9231 P12 - Nov 2025 - Q2 - 8 marks
5889
(a) The cubic \(x^3+bx^2+cx+d=0\) has roots \(\alpha,\beta,\gamma\). Given \(\alpha+\beta+\gamma=2\), \(\alpha^2+\beta^2+\gamma^2=3\), and \(\alpha^4+\beta^4+\gamma^4=5\), find \(b\) and \(c\).
(b) Find the value of \(d\).
Solution
Solution
Checked by expert
Answer: (a) \(b=-2,\quad c=\dfrac12\)
(b) \(d=\dfrac7{16}\)
(a)
For \(x^3+bx^2+cx+d=0\),
\(b=-(\alpha+\beta+\gamma)=-2.\)
Also
\(\alpha^2+\beta^2+\gamma^2=(\alpha+\beta+\gamma)^2-2(\alpha\beta+\alpha\gamma+\beta\gamma).\)

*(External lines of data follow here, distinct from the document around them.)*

(* Compact sets are bounded: cover by the balls B(x0, n). *)
Lemma compact_bounded (K : X -> Prop) x0 : compact_set X K ->
  exists B, forall x, K x -> dist x0 x <= B.
Proof.
  intro Hc.
  destruct (Hc nat (fun n x => dist x0 x < INR n)) as [l Hl].
  - intros n x Hx. exists (INR n - dist x0 x). split; [lra|].
    intros y Hy. pose proof (dist_tri X x0 x y). lra.
  - intros x _. destruct (archimed (dist x0 x)) as [H1 _].
    exists (Z.to_nat (up (dist x0 x))). rewrite INR_IZR_INZ, Z2Nat.id; [lra|].
    apply le_IZR. pose proof (dist_pos x0 x). lra.
  - exists (fold_right (fun n acc => Rmax (INR n) acc) 0 l).
    intros x Hx. destruct (Hl x Hx) as [i [Hi Hd]].
    enough (INR i <= fold_right (fun n acc => Rmax (INR n) acc) 0 l) by lra.
    clear -Hi. induction l as [|a l IH]; simpl in *; [contradiction|].
    destruct Hi as [->|Hi]; [apply Rmax_l|].
    eapply Rle_trans; [apply IH, Hi|apply Rmax_r].
Qed.

Lemma KS_ne (K : KX X) : exists x, KS K x.
Proof. exact (proj1 (proj2_sig K)). Qed.

Lemma KS_cpt (K : KX X) : compact_set X (KS K).
Proof. exact (proj2 (proj2_sig K)). Qed.

Definition dH_radii (K1 K2 : KX X) : R -> Prop := fun r =>
  incl X (KS K1) (Bset X (KS K2) r) /\ incl X (KS K2) (Bset X (KS K1) r).

Lemma dH_radii_lb (K1 K2 : KX X) : exists m, forall y, dH_radii K1 K2 y -> m <= y.
Proof.
  exists 0. intros r [H1 _]. destruct (KS_ne K1) as [x Hx].
  specialize (H1 x Hx). unfold Bset in H1.
  pose proof (dist_set_ge0 (KS K2) x (KS_ne K2)). lra.
Qed.

Lemma dH_radii_ne (K1 K2 : KX X) : exists r, dH_radii K1 K2 r.
Proof.
  destruct (KS_ne K1) as [x1 H1], (KS_ne K2) as [x2 H2].
  destruct (compact_bounded _ x1 (KS_cpt K1)) as [B1 HB1].
  destruct (compact_bounded _ x2 (KS_cpt K2)) as [B2 HB2].
  pose proof (HB1 x1 H1). pose proof (HB2 x2 H2).
  pose proof (dist_refl x1). pose proof (dist_refl x2).
  exists (B1 + B2 + dist x1 x2). split; intros x Hx; unfold Bset.
  - eapply Rle_trans; [apply (dist_set_le _ x x2 H2)|].
    pose proof (HB1 x Hx). pose proof (dist_tri X x2 x1 x).
    pose proof (dist_sym X x2 x1). lra.
  - eapply Rle_trans; [apply (dist_set_le _ x x1 H1)|].
    pose proof (HB2 x Hx). pose proof (dist_tri X x1 x2 x). lra.
Qed.

Lemma dH_lt (K1 K2 : KX X) r : dH X K1 K2 < r ->
  (forall x, KS K1 x -> exists y, KS K2 y /\ dist y x < r) /\
  (forall y, KS K2 y -> exists x, KS K1 x /\ dist x y < r).
Proof.
  intro H. apply Rinf_lt in H; [|apply dH_radii_lb|apply dH_radii_ne].
  destruct H as [r' [[H1 H2] Hr']].
  split; intros x Hx; apply dist_set_lt; try apply KS_ne.
  - specialize (H1 x Hx). unfold Bset in H1. lra.
  - specialize (H2 x Hx). unfold Bset in H2. lra.
Qed.

Lemma dH_le (K1 K2 : KX X) r :
  (forall x, KS K1 x -> exists y, KS K2 y /\ dist y x <= r) ->
  (forall y, KS K2 y -> exists x, KS K1 x /\ dist x y <= r) -> dH X K1 K2 <= r.
Proof.
  intros H1 H2. apply Rinf_lb; [apply dH_radii_lb|split].
  - intros x Hx. destruct (H1 x Hx) as [y [Hy Hd]].
    eapply Rle_trans; [apply dist_set_le|]; eauto.
  - intros x Hx. destruct (H2 x Hx) as [y [Hy Hd]].
    eapply Rle_trans; [apply dist_set_le|]; eauto.
Qed.

Lemma dH_refl (K : KX X) : dH X K K <= 0.
Proof. apply dH_le; intros x Hx; exists x; rewrite dist_refl; split; auto; lra. Qed.

Lemma dH_trans_le (K1 K2 F : KX X) a rho : dH X K1 K2 < a ->
  (forall x, KS K2 x -> exists p, KS F p /\ dist p x <= rho) ->
  (forall p, KS F p -> exists x, KS K2 x /\ dist x p <= rho) ->
  dH X K1 F <= a + rho.
Proof.
  intros Ha HF1 HF2. destruct (dH_lt _ _ _ Ha) as [H1 H2]. apply dH_le.
  - intros x Hx. destruct (H1 x Hx) as [w [Hw Hdw]]. destruct (HF1 w Hw) as [q [Hq Hdq]].
    exists q. split; auto. pose proof (dist_tri X q w x). lra.
  - intros q Hq. destruct (HF2 q Hq) as [w [Hw Hdw]]. destruct (H2 w Hw) as [x [Hx Hdx]].
    exists x. split; auto. pose proof (dist_tri X x w q). lra.
Qed.

Lemma list_compact (l : list X) : compact_set X (fun x => In x l).
Proof.
  intros I U _ Hcov. induction l as [|a l IH].
  - exists nil. intros x [].
  - destruct IH as [li Hli]; [intros x Hx; apply Hcov; right; auto|].
    destruct (Hcov a (or_introl eq_refl)) as [i Hi].
    exists (i :: li). intros x [<-|Hx].
    + exists i; split; auto. left; auto.
    + destruct (Hli x Hx) as [j [Hj Hj']]. exists j; split; auto. right; auto.
Qed.

Definition list_KX (l : list X) (a : X) (Ha : In a l) : KX X :=
  exist _ (fun x => In x l) (conj (ex_intro _ a Ha) (list_compact l)).
(* Let $\Omega=\{\omega_1,\omega_2\}$ with $0<\omega_1<\omega_2$ and let $\mu^*$ be an aggregate market. Then every point in the interior of the surplus triangle of $\mu^*$ is rationalizable.
   Context: A monopolist with zero marginal cost sells one good to a unit mass of consumers with valuations in $\Omega$; a market is a probability vector over $\Omega$. Let $s(p,\omega)=p$ if $\omega\ge p$ and $0$ otherwise, $b(p,\omega)=\omega-p$ if $\omega\ge p$ and $0$ otherwise; in each market $\mu$ the monopolist charges $p^*(\mu)\in\arg\max_p\sum_i s(p,\omega_i)\mu_i$. A segmentation of $\mu^*$ is a finitely supported distribution $\tau$ over markets with $\sum_{\mu^s}\tau(\mu^s)\mu^s=\mu^*$. For a segmentation $\tau$, consumer surplus is $CS=\sum_{\mu^s}\tau(\mu^s)\sum_j b(p^*(\mu^s),\omega_j)\mu^s_j$ and producer surplus (excluding information cost) is $PS=\sum_{\mu^s}\tau(\mu^s)\sum_j s(p^*(\mu^s),\omega_j)\mu^s_j$. The surplus triangle of $\mu^*$ is the set of pairs $(CS,PS)$ with $CS\ge0$, $PS\ge\pi^*$ and $CS+PS\le w^*$, where $\pi^*=\max_p\sum_i s(p,\omega_i)\mu^*_i$ is the uniform monopoly profit and $w^*=\sum_i\omega_i\mu^*_i$ is the efficient total surplus. A posterior-separable, strictly convex cost function is one of the form $C(\tau)=\sum_{\mu^s}\tau(\mu^s)c(\mu^s)-c(\mu^* )$ with $c$ a strictly convex continuous function on markets (e.g. $c=-kH$ for Shannon entropy $H$). Given such $C$, a segmentation is optimal if it maximizes $\sum_{\mu^s}\tau(\mu^s)\sum_i s(p^*(\mu^s),\omega_i)\mu^s_i-C(\tau)$ over all segmentations of $\mu^*$. A pair $(CS,PS)$ is rationalizable if there exist a segmentation $\tau$ and a strictly convex posterior-separable cost function $C$ such that $\tau$ is optimal for the monopolist under $C$ and $\tau$ yields that $(CS,PS)$ pair. *)

From HB Require Import structures.
From mathcomp Require Import all_boot all_order all_algebra.
From mathcomp Require Import all_classical all_reals all_analysis.
Set Implicit Arguments. Unset Strict Implicit. Unset Printing Implicit Defensive.
Import Order.TTheory GRing.Theory Num.Theory.
Import numFieldNormedType.Exports.
Local Open Scope classical_set_scope.
Local Open Scope ring_scope.

Section Monopoly.
Variables (R : realType) (n : nat).

(* valuations omega_i = w ord0 i ; a market is a probability row vector *)
Definition market (m : 'rV[R]_n) : Prop :=
  (forall i, 0 <= m ord0 i) /\ \sum_(i < n) m ord0 i = 1.

Definition seller (p om : R) : R := if p <= om then p else 0.
Definition buyer (p om : R) : R := if p <= om then om - p else 0.

Definition profit (w m : 'rV[R]_n) (p : R) : R :=
  \sum_(i < n) seller p (w ord0 i) * m ord0 i.
Definition csurplus (w m : 'rV[R]_n) (p : R) : R :=
  \sum_(i < n) buyer p (w ord0 i) * m ord0 i.
Lemma stability_ge_of_tradeoff {R : realType} {alpha eps d : R} {K : nat} :
  1 < alpha -> 0 < d -> 0 < eps -> 4 * eps <= d -> 4 * 6 `^ (alpha - 1) * eps <= 1 ->
  (forall n, (0 < n)%N -> n%:R <= K.+1%:R + eps * n%:R / d + eps * n%:R `^ alpha) ->
  ((4 * eps)^-1) `^ (alpha - 1)^-1 / 4 <= K%:R.
Proof.
move=> a1 d0 e0 e_d e_6 tradeoff.
have aE : (alpha - 1) * (alpha - 1)^-1 = 1 by rewrite mulfV // subr_eq0 gt_eqF.
have inv_ge0 : 0 <= (4 * eps)^-1 by rewrite invr_ge0 mulr_ge0 // ltW.
set x := _ `^ (alpha - 1)^-1.
have x0 : 0 <= x by exact: powR_ge0.
have xE : x `^ (alpha - 1) = (4 * eps)^-1.
  by rewrite -powRrM mulVf ?powRr1 // subr_eq0 gt_eqF.
have six_le : 6 <= x.
  have six_pow : 0 < 6 `^ (alpha - 1) :> R by exact: powR_gt0.
  have -> : 6 = (6 `^ (alpha - 1)) `^ (alpha - 1)^-1 :> R.
    by rewrite -powRrM aE powRr1.
  apply: ge0_ler_powR; rewrite ?nnegrE ?powR_ge0 //; first by rewrite invr_ge0 subr_ge0 ltW.
  by rewrite -[(4 * eps)^-1]mul1r ler_pdivlMr ?mulr_gt0 //; nra.
set n := Num.truncn x.
have /andP [n_le lt_n1] := truncn_itv x0; rewrite -natr1 in lt_n1.
have n0 : (0 < n)%N by rewrite -(ltr_nat R); lra.
have n_pow : n%:R `^ (alpha - 1) <= (4 * eps)^-1.
  by rewrite -xE; apply: ge0_ler_powR; rewrite ?nnegrE ?ler0n // subr_ge0 ltW.
have far_share : eps * n%:R `^ alpha <= n%:R / 4.
  rewrite -mulr_powRB1 ?ler0n //; last exact: lt_trans ltr01 a1.
  apply: le_trans (_ : eps * (n%:R * (4 * eps)^-1) <= _).
    by apply: ler_wpM2l; [exact: ltW | apply: ler_wpM2l; [exact: ler0n | exact: n_pow]].
  by rewrite le_eqVlt; apply/orP; left; apply/eqP; field; rewrite gt_eqF.
have chain_share : eps * n%:R / d <= n%:R / 4.
  by rewrite mulrAC mulrC ler_wpM2l ?ler0n // ler_pdivrMr //; lra.
have := tradeoff n n0; lra.
Qed.
(* Let $m,k,n\ge1$ be integers; let $\lambda_i,\mu_i>0$ ($i\le k$), $\alpha_j,\beta_j,u_j,v_j>0$ ($j\le n$); let $\theta:\{0,\dots,m\}\to\mathbb{R}$ satisfy $0\le\theta\le1$, $\theta(b)>0$ for $b<m$, $\theta(m)=0$. Consider the CTMC on the set of vectors $w=(x_1,\dots,x_k;a_1,\dots,a_n)$, $x_i\in\mathbb{Z}_{\ge0}$, $a_j\in\{I,W,T\}$, with $\mathrm{busy}(w)=\sum_i x_i+\sum_j1_{\{a_j=T\}}\le m$, whose only nonzero rates are: $x\to x+e_i$ at rate $\lambda_i\theta(\mathrm{busy}(w))$ and $x+e_i\to x$ at rate $(x_i+1)\mu_i$; and, for each $j$ changing only $a_j$: $I\to W$ at rate $\alpha_j$, $W\to I$ at rate $\beta_j$, $W\to T$ at rate $u_j\theta(\mathrm{busy}(w))$ ($w$ the current state), $T\to W$ at rate $v_j$. Its steady state distribution has the form $p(w)=B\big(\prod_{r=0}^{\mathrm{busy}(w)-1}\theta(r)\big)\big(\prod_{i}\rho_i^{x_i}/x_i!\big)\prod_j(\alpha_j/\beta_j)^{1_{\{a_j=W\}}}(\alpha_ju_j/(\beta_jv_j))^{1_{\{a_j=T\}}}$, $\rho_i=\lambda_i/\mu_i$, with normalizing constant $B$. Let $\rho=\sum_{i=1}^k\rho_i$ and $\mathrm{i}=\sqrt{-1}$. For $j\in\{1,\dots,n\}$ let $P[I_j]$ be the steady state probability that $a_j=I$, and define $$c_{j,b}=\frac1n\sum_{t=0}^{n-1}\prod_{l\in\{1,\dots,n\}\setminus\{j\}}\Big[1+\frac{\alpha_l}{\beta_l}+e^{\frac{-2\pi \mathrm{i} t}{n}}\frac{\alpha_lu_l}{\beta_lv_l}\Big]e^{\frac{2\pi \mathrm{i} tb}{n}}\qquad\forall b\in\{0,1,\dots,\min[n-1,m]\}.$$ Then $$P[I_j]=B\sum_{b=0}^{\min[n-1,m]}\sum_{x=0}^{m-b}\Big(\prod_{r=0}^{x+b-1}\theta(r)\Big)\frac{\rho^x}{x!}c_{j,b}.$$ In the special case with no non-persistent users (i.e. $\rho\to0$), $$P[I_j]=\tilde B\sum_{b=0}^{\min[n-1,m]}\Big(\prod_{r=0}^{b-1}\theta(r)\Big)c_{j,b},$$ where $\tilde B$ is the normalizing constant of that special case.
   Context: Multi-channel access model with $m$ channels, $k$ classes of non-persistent users and $n$ persistent users with activity states Idle ($I$), Waiting ($W$), Transmitting ($T$). Empty products $\prod_{r=0}^{-1}\theta(r)$ equal $1$. In the case with no non-persistent users, the steady state probability of persistent configuration $a$ (with $\sum_j1_{\{a_j=T\}}\le m$) is $\tilde B\big(\prod_{r=0}^{\sum_j1_{\{a_j=T\}}-1}\theta(r)\big)\prod_j(\alpha_j/\beta_j)^{1_{\{a_j=W\}}}(\alpha_ju_j/(\beta_jv_j))^{1_{\{a_j=T\}}}$. *)

From HB Require Import structures.
From mathcomp Require Import all_boot all_order all_algebra.
From mathcomp Require Import reals trigo complex.
Set Implicit Arguments.
Unset Strict Implicit.
Unset Printing Implicit Defensive.
Import Order.TTheory GRing.Theory Num.Theory.
Local Open Scope ring_scope.

Definition Idle  : 'I_3 := @Ordinal 3 0 isT.
Definition Wait  : 'I_3 := @Ordinal 3 1 isT.
Definition Trans : 'I_3 := @Ordinal 3 2 isT.

Section Model.
Variables (R : realType) (m k n : nat).
Variables (lam mu : 'I_k -> R) (alpha beta u v : 'I_n -> R) (theta : nat -> R).

(* A state w = (x ; a).  Since busy(w) <= m, every x_i <= m, so x_i : 'I_m.+1
   loses no state. *)
Definition busy (x : {ffun 'I_k -> 'I_m.+1}) (a : {ffun 'I_n -> 'I_3}) : nat :=
  (\sum_(i < k) (x i : nat) + \sum_(j < n) (a j == Trans))%N.

Definition rho_i (i : 'I_k) : R := lam i / mu i.

Definition weight (x : {ffun 'I_k -> 'I_m.+1}) (a : {ffun 'I_n -> 'I_3}) : R :=
  (\prod_(r < busy x a) theta r)
  * (\prod_(i < k) ((rho_i i) ^+ (x i) / ((x i)`!)%:R))
  * \prod_(j < n) ((alpha j / beta j) ^+ (a j == Wait)
                   * (alpha j * u j / (beta j * v j)) ^+ (a j == Trans)).

Definition Bconst : R :=
  (\sum_(x : {ffun 'I_k -> 'I_m.+1})
     \sum_(a : {ffun 'I_n -> 'I_3} | (busy x a <= m)%N) weight x a)^-1.

Definition PIdle (j : 'I_n) : R :=
  \sum_(x : {ffun 'I_k -> 'I_m.+1})
     \sum_(a : {ffun 'I_n -> 'I_3} | (busy x a <= m)%N && (a j == Idle))
        Bconst * weight x a.

(* Special case without non-persistent users: states are just a. *)
Definition busyT (a : {ffun 'I_n -> 'I_3}) : nat := (\sum_(j < n) (a j == Trans))%N.

Definition weight0 (a : {ffun 'I_n -> 'I_3}) : R :=
  (\prod_(r < busyT a) theta r)
  * \prod_(j < n) ((alpha j / beta j) ^+ (a j == Wait)
                   * (alpha j * u j / (beta j * v j)) ^+ (a j == Trans)).

Definition Btilde : R :=
  (\sum_(a : {ffun 'I_n -> 'I_3} | (busyT a <= m)%N) weight0 a)^-1.

Definition PIdle0 (j : 'I_n) : R :=
  \sum_(a : {ffun 'I_n -> 'I_3} | (busyT a <= m)%N && (a j == Idle))
     Btilde * weight0 a.

Local Open Scope complex_scope.

Definition cexp (y : R) : R[i] := (cos y +i* sin y)%C.

Definition c_coef (j : 'I_n) (b : nat) : R[i] :=
  (n%:R)^-1 * \sum_(t < n)
     (\prod_(l < n | l != j)
        ((1 + alpha l / beta l)%:C
         + cexp (- (2 * pi * t%:R / n%:R)) * (alpha l * u l / (beta l * v l))%:C))
     * cexp (2 * pi * t%:R * b%:R / n%:R).

End Model.

From HB Require Import structures.
From mathcomp Require Import all_boot all_order all_algebra.
From mathcomp Require Import reals trigo complex.
From mathcomp Require Import ring.
Import Order.TTheory GRing.Theory Num.Theory.
Local Open Scope ring_scope.

(* The product-form weight of (x ; a) factorises into the theta-prefix product of
   busy(x ; a), the Poisson weight of x and the weight of a.  Grouping the states by
   s = sum_i x_i, the Poisson weights add up to rho^s / s! (multinomial theorem, read off
   as a coefficient of a product of truncated exponential series).  Grouping the
   configurations a with a_j = I by the number b of transmitting users, their weights are
   the coefficients of w^b in prod_(l <> j) (1 + alpha_l/beta_l + w alpha_l u_l/(beta_l v_l)),
   a polynomial of degree < n; c_(j,b) recovers them by discrete Fourier inversion at the
   n-th roots of unity. *)

Lemma big_partition_nat {V : nmodType} {I : finType} (P : pred I) (f : I -> nat)
    (N : nat) (F : I -> V) :
  (forall i, P i -> (f i <= N)%N) ->
  \sum_(i | P i) F i = \sum_(s < N.+1) \sum_(i | P i && (f i == s)) F i.
Proof.
move=> fN; rewrite (partition_big (fun i => inord (f i) : 'I_N.+1) xpredT) //.
apply: eq_bigr => s _; apply: eq_bigl => i.
by case Pi: (P i) => //=; rewrite -val_eqE /= inordK // ltnS fN.
Qed.

Section Multinomial.
Local Set Implicit Arguments.
Local Unset Strict Implicit.
Variable F : numFieldType.

Lemma exprDn_fact (a b : F) (s : nat) :
  (a + b) ^+ s / s`!%:R
  = \sum_(y < s.+1) a ^+ y / y`!%:R * (b ^+ (s - y) / (s - y)`!%:R).
Proof.
have fact_neq0 z : z`!%:R != 0 :> F by rewrite pnatr_eq0 -lt0n fact_gt0.
rewrite addrC exprDn mulr_suml; apply: eq_bigr => y _.
have ys : (y <= s)%N by rewrite -ltnS.
have binE : 'C(s, y)%:R = s`!%:R / (y`!%:R * (s - y)`!%:R) :> F.
  by rewrite -(bin_fact ys) !natrM mulfK // mulf_neq0.
by rewrite -mulr_natr binE; field; rewrite !fact_neq0.
Qed.

Definition trunc_exp (r : F) (M : nat) : {poly F} := \poly_(y < M) (r ^+ y / y`!%:R).

Lemma coef_prod_trunc_exp {I : finType} (r : I -> F) (M s : nat) : (s < M)%N ->
  (\prod_i trunc_exp (r i) M)`_s = (\sum_i r i) ^+ s / s`!%:R.
Proof.
elim/big_rec2: _ s => [s _|i p rho _ IH s sM].
  by rewrite coef1 expr0n; case: s => [|s] /=; rewrite ?fact0 ?invr1 ?mulr1 ?mul0r.
rewrite coefM exprDn_fact; apply: eq_bigr => y _.
have yM : (y < M)%N by rewrite (leq_ltn_trans _ sM) // -ltnS.
by rewrite coef_poly yM IH // (leq_ltn_trans (leq_subr _ _) sM).
Qed.

Lemma coef_prod_poly_ffun {I : finType} (M s : nat) (g : I -> nat -> F) :
  (\prod_i \poly_(y < M) g i y)`_s
  = \sum_(x : {ffun I -> 'I_M} | (\sum_i (x i : nat))%N == s) \prod_i g i (x i).
Proof.
under eq_bigr do rewrite poly_def.
rewrite bigA_distr_bigA /= coef_sum [RHS]big_mkcond /=; apply: eq_bigr => x _.
under eq_bigr do rewrite -mul_polyC.
by rewrite big_split /= prodrXr -rmorph_prod mul_polyC coefZ coefXn eq_sym mulr_natr mulrb.
Qed.

Lemma multinomial_fact {I : finType} (r : I -> F) (M s : nat) : (s < M)%N ->
  \sum_(x : {ffun I -> 'I_M} | (\sum_i (x i : nat))%N == s)
     \prod_i (r i ^+ x i / (x i)`!%:R)
  = (\sum_i r i) ^+ s / s`!%:R.
Proof.
by move=> sM; rewrite -(coef_prod_trunc_exp r sM) /trunc_exp coef_prod_poly_ffun.
Qed.

Lemma sum_multinomial_le {I : finType} (r : I -> F) (G : nat -> F) (M N : nat) :
  (N < M)%N ->
  \sum_(x : {ffun I -> 'I_M} | (\sum_i (x i : nat) <= N)%N)
     G (\sum_i (x i : nat))%N * \prod_i (r i ^+ x i / (x i)`!%:R)
  = \sum_(s < N.+1) G s * ((\sum_i r i) ^+ s / s`!%:R).
Proof.
pose size_x (x : {ffun I -> 'I_M}) := (\sum_i (x i : nat))%N.
move=> NM; rewrite (big_partition_nat _ size_x N) // /size_x.
apply: eq_bigr => s _; have sN : (s <= N)%N by rewrite -ltnS.
rewrite -(multinomial_fact r (leq_ltn_trans sN NM)) mulr_sumr.
apply: eq_big => [x|x /andP[_ /eqP ->] //].
by case: eqP => [->|]; rewrite ?andbF ?andbT.
Qed.

End Multinomial.

Lemma sum_expr_unity_root (F : idomainType) (z : F) (n : nat) :
  z ^+ n = 1 -> z != 1 -> \sum_(t < n) z ^+ t = 0.
Proof.
move=> zn1 z_neq1; have /eqP := subrX1 z n.
by rewrite zn1 subrr eq_sym mulf_eq0 subr_eq0 (negbTE z_neq1) => /eqP.
Qed.

Section ComplexExp.
Variable R : realType.
Local Open Scope complex_scope.

Lemma cexp0 : cexp (0 : R) = 1.
Proof. by rewrite /cexp sin0 cos0. Qed.

Lemma cexpD (x y : R) : cexp (x + y) = cexp x * cexp y.
Proof. by rewrite /cexp sinD cosD; simpc; rewrite [sin x * _ + _]addrC. Qed.

Lemma cexpX (x : R) (d : nat) : cexp x ^+ d = cexp (x *+ d).
Proof. by elim: d => [|d IH]; rewrite ?cexp0 // exprS IH mulrS cexpD. Qed.

Lemma cexp_2pi_natr (d : nat) : cexp (pi *+ 2 *+ d : R) = 1.
Proof. by rewrite -cexpX /cexp cos2pi sin2pi expr1n. Qed.

Lemma cexp_eq1N (x : R) : cexp x = 1 -> cexp (- x) = 1.
Proof. by move=> ex1; rewrite -[LHS]mulr1 -ex1 -cexpD addNr cexp0. Qed.

(* cexp y is a square root of cexp (2 y) = 1, hence real, so sin y = 0. *)
Lemma cexp_mulr2n_neq1 (y : R) : sin y != 0 -> cexp (y *+ 2) != 1.
Proof.
move=> siny; apply: contra siny => /eqP; rewrite -cexpX => /eqP.
by rewrite sqrf_eq1 => /orP[] /eqP /(congr1 (@complex.Im R)) /= ->; rewrite ?oppr0.
Qed.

Since \(\alpha\beta+\alpha\gamma+\beta\gamma=c\),
\(3=2^2-2c,\)
so
\(c=\frac12.\)
(b)
Let \(S_r=\alpha^r+\beta^r+\gamma^r\). For the cubic, Newton's sums give
\(S_3+bS_2+cS_1+3d=0.\)
Using \(b=-2\), \(c=\frac12\), \(S_1=2\), and \(S_2=3\),
\(S_3-6+1+3d=0,\)
so
\(S_3=5-3d.\)
Next,
\(S_4+bS_3+cS_2+dS_1=0.\)
Substitute \(S_4=5\):
\(5-2(5-3d)+\frac12(3)+2d=0.\)
Thus
\(-\frac72+8d=0,\)
so
\(d=\frac7{16}.\)
Mark scheme Part Marks Expected result Notes (a) B1 \(b=-(\alpha+\beta+\gamma)=-2\) (a) M1 \(3=2^2-2c\) Uses formula for sum of squares. (a) A1 \(c=\dfrac12\) (b) M1 \(S_3+bS_2+cS_1+3d=0\) Uses original equation or formula for sum of cubes. (b) A1FT \(S_3=-3b-2c-3d=5-3d\) Allow follow through from part (a) for their value. (b) M1 \(S_4+bS_3+cS_2+dS_1=0\) Uses original equation. (b) A1FT \(5-2(5-3d)+\frac12(3)+2d=0\), hence \(8d-\frac72=0\) Allow follow through from part (a) and their value of S3. (b) A1 \(d=\dfrac7{16}\) CAO.